- _Task details_
Look through the data below and extract, unchanged, the lines from the one that contains "- apply (Rmult_lt_reg_r" to the one that contains "rewrite ind_right_speed, ind_left_speed", both included.

- _Records_
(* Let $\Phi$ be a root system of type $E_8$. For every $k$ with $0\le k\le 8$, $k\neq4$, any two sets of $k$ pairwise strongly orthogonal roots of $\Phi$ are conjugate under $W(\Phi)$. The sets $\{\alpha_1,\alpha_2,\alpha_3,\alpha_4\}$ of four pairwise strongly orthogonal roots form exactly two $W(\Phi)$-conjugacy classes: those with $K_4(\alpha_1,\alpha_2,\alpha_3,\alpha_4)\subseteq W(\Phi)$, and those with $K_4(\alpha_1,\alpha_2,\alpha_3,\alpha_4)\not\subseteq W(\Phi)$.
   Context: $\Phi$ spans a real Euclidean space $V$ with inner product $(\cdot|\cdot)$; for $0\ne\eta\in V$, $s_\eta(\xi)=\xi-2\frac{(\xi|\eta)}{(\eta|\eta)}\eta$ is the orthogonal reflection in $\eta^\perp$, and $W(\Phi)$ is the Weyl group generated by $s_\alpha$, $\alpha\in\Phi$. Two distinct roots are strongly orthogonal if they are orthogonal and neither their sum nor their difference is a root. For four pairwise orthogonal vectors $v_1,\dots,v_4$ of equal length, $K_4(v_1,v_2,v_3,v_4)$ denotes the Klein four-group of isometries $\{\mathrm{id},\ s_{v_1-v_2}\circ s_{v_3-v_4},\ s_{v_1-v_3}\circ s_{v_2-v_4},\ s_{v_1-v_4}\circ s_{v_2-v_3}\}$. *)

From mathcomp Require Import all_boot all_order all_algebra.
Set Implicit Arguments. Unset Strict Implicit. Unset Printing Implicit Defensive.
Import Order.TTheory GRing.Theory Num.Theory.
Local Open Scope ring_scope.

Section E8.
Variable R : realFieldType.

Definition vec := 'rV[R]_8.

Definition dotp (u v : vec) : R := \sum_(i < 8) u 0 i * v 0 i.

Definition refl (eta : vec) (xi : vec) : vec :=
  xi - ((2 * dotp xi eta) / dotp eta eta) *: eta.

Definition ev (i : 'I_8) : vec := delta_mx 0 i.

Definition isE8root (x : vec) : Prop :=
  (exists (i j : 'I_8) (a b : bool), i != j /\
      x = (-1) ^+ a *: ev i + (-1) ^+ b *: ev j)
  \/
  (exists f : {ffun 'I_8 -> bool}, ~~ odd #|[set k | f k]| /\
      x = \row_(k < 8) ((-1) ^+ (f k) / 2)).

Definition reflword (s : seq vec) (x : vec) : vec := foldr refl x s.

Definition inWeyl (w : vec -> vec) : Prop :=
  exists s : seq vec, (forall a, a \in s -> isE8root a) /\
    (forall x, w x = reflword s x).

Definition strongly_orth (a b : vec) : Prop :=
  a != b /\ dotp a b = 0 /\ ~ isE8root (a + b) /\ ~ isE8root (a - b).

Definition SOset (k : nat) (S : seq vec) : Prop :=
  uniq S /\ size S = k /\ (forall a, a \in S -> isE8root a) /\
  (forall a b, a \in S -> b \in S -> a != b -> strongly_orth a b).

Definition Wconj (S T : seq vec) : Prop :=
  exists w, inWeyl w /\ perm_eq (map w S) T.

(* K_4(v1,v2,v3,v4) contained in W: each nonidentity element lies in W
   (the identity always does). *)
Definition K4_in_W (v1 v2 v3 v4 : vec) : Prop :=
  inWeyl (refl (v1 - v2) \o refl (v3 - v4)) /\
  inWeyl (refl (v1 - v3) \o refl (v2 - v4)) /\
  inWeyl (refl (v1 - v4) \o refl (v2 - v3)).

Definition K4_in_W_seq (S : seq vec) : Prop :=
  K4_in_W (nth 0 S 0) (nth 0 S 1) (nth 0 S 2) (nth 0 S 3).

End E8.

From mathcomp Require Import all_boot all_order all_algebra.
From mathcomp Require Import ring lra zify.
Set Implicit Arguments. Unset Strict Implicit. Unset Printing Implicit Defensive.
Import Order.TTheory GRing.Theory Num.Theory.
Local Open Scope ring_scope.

==

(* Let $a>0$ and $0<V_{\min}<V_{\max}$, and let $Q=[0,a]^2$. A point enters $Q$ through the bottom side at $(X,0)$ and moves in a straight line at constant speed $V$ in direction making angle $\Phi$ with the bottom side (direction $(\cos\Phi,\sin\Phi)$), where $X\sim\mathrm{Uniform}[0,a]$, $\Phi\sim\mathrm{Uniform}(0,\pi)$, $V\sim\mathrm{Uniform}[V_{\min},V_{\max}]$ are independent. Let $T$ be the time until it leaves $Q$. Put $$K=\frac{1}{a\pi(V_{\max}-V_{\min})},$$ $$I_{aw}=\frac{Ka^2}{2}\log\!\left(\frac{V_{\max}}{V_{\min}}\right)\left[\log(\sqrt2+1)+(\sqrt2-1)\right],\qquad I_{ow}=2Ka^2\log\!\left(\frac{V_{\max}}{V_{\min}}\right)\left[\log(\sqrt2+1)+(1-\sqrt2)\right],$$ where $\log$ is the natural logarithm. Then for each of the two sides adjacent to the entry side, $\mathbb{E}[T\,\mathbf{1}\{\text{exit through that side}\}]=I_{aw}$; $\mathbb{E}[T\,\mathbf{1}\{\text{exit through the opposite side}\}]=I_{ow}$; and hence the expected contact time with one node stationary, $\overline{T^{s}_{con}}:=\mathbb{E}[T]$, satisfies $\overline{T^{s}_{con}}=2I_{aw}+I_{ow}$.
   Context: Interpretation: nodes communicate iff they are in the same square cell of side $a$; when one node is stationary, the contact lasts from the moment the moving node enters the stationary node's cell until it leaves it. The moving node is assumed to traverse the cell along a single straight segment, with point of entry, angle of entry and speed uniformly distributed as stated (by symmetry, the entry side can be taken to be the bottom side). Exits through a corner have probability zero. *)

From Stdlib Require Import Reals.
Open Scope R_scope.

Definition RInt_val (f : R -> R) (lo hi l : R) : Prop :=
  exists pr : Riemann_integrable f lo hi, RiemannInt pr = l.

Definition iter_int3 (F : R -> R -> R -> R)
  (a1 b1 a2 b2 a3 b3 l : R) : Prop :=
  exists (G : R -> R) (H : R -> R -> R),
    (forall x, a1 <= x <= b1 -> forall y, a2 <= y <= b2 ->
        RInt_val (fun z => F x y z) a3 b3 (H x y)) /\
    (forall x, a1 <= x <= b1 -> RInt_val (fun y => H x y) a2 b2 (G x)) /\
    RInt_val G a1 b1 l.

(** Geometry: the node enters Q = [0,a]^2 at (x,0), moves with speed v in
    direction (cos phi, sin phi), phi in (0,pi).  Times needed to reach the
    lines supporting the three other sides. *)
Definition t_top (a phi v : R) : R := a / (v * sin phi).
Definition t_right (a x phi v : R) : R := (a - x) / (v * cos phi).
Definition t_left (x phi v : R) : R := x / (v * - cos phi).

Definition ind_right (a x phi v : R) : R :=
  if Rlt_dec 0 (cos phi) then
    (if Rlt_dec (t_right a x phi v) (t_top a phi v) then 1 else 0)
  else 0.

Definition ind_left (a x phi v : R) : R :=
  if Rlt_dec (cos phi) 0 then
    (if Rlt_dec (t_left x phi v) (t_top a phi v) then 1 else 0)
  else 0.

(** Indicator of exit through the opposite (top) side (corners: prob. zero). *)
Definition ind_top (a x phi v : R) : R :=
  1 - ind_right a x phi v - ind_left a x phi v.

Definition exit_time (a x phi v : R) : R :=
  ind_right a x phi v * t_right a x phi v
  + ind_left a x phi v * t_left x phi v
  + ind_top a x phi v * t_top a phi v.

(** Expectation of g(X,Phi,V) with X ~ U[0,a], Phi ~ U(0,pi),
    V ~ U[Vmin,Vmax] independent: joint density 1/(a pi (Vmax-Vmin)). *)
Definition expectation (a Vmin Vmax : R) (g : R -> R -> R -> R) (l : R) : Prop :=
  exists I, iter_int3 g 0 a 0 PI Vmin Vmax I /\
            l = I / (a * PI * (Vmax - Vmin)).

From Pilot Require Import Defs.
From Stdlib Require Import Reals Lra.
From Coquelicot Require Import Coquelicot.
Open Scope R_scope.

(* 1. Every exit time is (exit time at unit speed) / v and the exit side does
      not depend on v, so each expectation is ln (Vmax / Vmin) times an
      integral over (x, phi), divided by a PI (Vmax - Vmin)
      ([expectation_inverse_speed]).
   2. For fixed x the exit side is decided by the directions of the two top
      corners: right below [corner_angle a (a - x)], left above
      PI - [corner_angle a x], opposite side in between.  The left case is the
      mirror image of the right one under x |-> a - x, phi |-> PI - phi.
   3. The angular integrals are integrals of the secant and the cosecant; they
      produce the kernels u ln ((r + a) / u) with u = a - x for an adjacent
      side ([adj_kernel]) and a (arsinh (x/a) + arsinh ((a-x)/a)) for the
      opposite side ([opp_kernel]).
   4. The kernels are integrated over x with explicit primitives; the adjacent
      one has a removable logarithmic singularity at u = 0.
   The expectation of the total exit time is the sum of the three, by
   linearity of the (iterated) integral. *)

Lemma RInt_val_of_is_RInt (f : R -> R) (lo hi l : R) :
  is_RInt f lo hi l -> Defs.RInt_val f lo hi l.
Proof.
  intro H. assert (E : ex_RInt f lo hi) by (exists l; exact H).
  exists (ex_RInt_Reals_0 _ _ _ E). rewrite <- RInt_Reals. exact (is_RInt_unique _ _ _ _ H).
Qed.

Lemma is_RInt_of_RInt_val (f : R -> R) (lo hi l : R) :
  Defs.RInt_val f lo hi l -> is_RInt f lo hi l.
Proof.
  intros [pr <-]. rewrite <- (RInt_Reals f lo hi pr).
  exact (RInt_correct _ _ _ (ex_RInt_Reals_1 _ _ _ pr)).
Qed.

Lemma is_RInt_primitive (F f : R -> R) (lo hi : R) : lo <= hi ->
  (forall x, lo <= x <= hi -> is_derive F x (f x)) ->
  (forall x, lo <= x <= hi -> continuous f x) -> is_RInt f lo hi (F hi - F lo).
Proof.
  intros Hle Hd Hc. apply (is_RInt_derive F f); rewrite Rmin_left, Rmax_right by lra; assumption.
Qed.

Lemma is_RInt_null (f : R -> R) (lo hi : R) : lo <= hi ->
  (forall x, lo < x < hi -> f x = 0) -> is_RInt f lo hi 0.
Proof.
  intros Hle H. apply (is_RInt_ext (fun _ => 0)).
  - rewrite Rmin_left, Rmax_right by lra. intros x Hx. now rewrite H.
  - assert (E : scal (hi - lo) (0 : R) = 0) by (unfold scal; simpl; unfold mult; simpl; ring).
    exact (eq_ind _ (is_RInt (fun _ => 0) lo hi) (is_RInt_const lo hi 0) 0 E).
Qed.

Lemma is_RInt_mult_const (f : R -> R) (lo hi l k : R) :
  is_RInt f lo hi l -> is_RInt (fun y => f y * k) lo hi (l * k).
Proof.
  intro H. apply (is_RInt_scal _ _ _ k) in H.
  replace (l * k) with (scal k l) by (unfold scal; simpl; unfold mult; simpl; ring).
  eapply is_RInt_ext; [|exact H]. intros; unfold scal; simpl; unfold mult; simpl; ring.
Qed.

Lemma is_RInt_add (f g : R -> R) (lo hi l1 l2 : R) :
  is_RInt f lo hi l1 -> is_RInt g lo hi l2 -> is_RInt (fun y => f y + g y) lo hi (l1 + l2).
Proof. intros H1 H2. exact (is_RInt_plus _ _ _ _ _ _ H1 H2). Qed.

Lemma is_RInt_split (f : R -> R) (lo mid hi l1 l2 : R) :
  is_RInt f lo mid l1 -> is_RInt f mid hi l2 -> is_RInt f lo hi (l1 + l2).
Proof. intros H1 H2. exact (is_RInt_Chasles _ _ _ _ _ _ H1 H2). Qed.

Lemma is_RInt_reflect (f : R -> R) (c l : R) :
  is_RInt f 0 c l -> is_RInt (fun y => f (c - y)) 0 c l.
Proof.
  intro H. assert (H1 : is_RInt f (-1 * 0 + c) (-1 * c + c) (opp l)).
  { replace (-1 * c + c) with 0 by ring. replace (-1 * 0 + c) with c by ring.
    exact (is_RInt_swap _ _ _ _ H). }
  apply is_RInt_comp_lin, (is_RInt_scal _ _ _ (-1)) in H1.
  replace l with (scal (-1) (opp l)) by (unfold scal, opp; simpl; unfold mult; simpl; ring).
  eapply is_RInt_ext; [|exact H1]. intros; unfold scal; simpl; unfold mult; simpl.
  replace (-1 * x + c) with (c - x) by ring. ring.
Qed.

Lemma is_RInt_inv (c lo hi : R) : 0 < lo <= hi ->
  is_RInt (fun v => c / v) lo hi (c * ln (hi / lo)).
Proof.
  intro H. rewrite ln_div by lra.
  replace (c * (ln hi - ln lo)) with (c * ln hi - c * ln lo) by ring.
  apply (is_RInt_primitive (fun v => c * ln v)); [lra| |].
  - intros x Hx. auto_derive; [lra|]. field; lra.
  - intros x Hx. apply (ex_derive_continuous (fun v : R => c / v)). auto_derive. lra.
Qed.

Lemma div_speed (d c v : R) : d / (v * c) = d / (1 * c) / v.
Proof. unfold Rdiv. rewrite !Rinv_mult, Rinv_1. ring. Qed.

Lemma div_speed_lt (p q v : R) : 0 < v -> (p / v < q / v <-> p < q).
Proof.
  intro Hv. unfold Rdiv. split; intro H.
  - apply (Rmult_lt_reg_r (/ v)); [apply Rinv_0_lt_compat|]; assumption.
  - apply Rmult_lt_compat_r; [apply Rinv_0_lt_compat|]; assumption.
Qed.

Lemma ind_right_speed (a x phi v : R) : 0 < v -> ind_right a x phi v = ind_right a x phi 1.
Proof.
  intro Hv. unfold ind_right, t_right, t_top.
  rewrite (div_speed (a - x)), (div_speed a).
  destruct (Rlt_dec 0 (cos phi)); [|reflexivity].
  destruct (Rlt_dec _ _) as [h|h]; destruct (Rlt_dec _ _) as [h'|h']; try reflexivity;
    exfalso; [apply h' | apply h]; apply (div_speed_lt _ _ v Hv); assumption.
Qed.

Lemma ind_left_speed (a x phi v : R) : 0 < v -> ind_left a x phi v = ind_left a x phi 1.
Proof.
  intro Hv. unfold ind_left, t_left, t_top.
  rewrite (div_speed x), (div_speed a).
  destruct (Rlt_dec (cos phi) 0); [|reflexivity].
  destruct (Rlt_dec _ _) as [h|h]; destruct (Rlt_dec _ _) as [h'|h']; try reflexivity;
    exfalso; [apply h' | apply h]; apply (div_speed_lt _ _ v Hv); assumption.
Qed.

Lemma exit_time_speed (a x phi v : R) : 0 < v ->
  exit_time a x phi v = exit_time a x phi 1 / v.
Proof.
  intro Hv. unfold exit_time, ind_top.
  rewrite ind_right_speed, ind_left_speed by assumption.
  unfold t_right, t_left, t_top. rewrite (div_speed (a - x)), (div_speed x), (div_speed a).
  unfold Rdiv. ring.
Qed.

- _Result_
  - apply (Rmult_lt_reg_r (/ v)); [apply Rinv_0_lt_compat|]; assumption.
  - apply Rmult_lt_compat_r; [apply Rinv_0_lt_compat|]; assumption.
Qed.

Lemma ind_right_speed (a x phi v : R) : 0 < v -> ind_right a x phi v = ind_right a x phi 1.
Proof.
  intro Hv. unfold ind_right, t_right, t_top.
  rewrite (div_speed (a - x)), (div_speed a).
  destruct (Rlt_dec 0 (cos phi)); [|reflexivity].
  destruct (Rlt_dec _ _) as [h|h]; destruct (Rlt_dec _ _) as [h'|h']; try reflexivity;
    exfalso; [apply h' | apply h]; apply (div_speed_lt _ _ v Hv); assumption.
Qed.

Lemma ind_left_speed (a x phi v : R) : 0 < v -> ind_left a x phi v = ind_left a x phi 1.
Proof.
  intro Hv. unfold ind_left, t_left, t_top.
  rewrite (div_speed x), (div_speed a).
  destruct (Rlt_dec (cos phi) 0); [|reflexivity].
  destruct (Rlt_dec _ _) as [h|h]; destruct (Rlt_dec _ _) as [h'|h']; try reflexivity;
    exfalso; [apply h' | apply h]; apply (div_speed_lt _ _ v Hv); assumption.
Qed.

Lemma exit_time_speed (a x phi v : R) : 0 < v ->
  exit_time a x phi v = exit_time a x phi 1 / v.
Proof.
  intro Hv. unfold exit_time, ind_top.
  rewrite ind_right_speed, ind_left_speed by assumption.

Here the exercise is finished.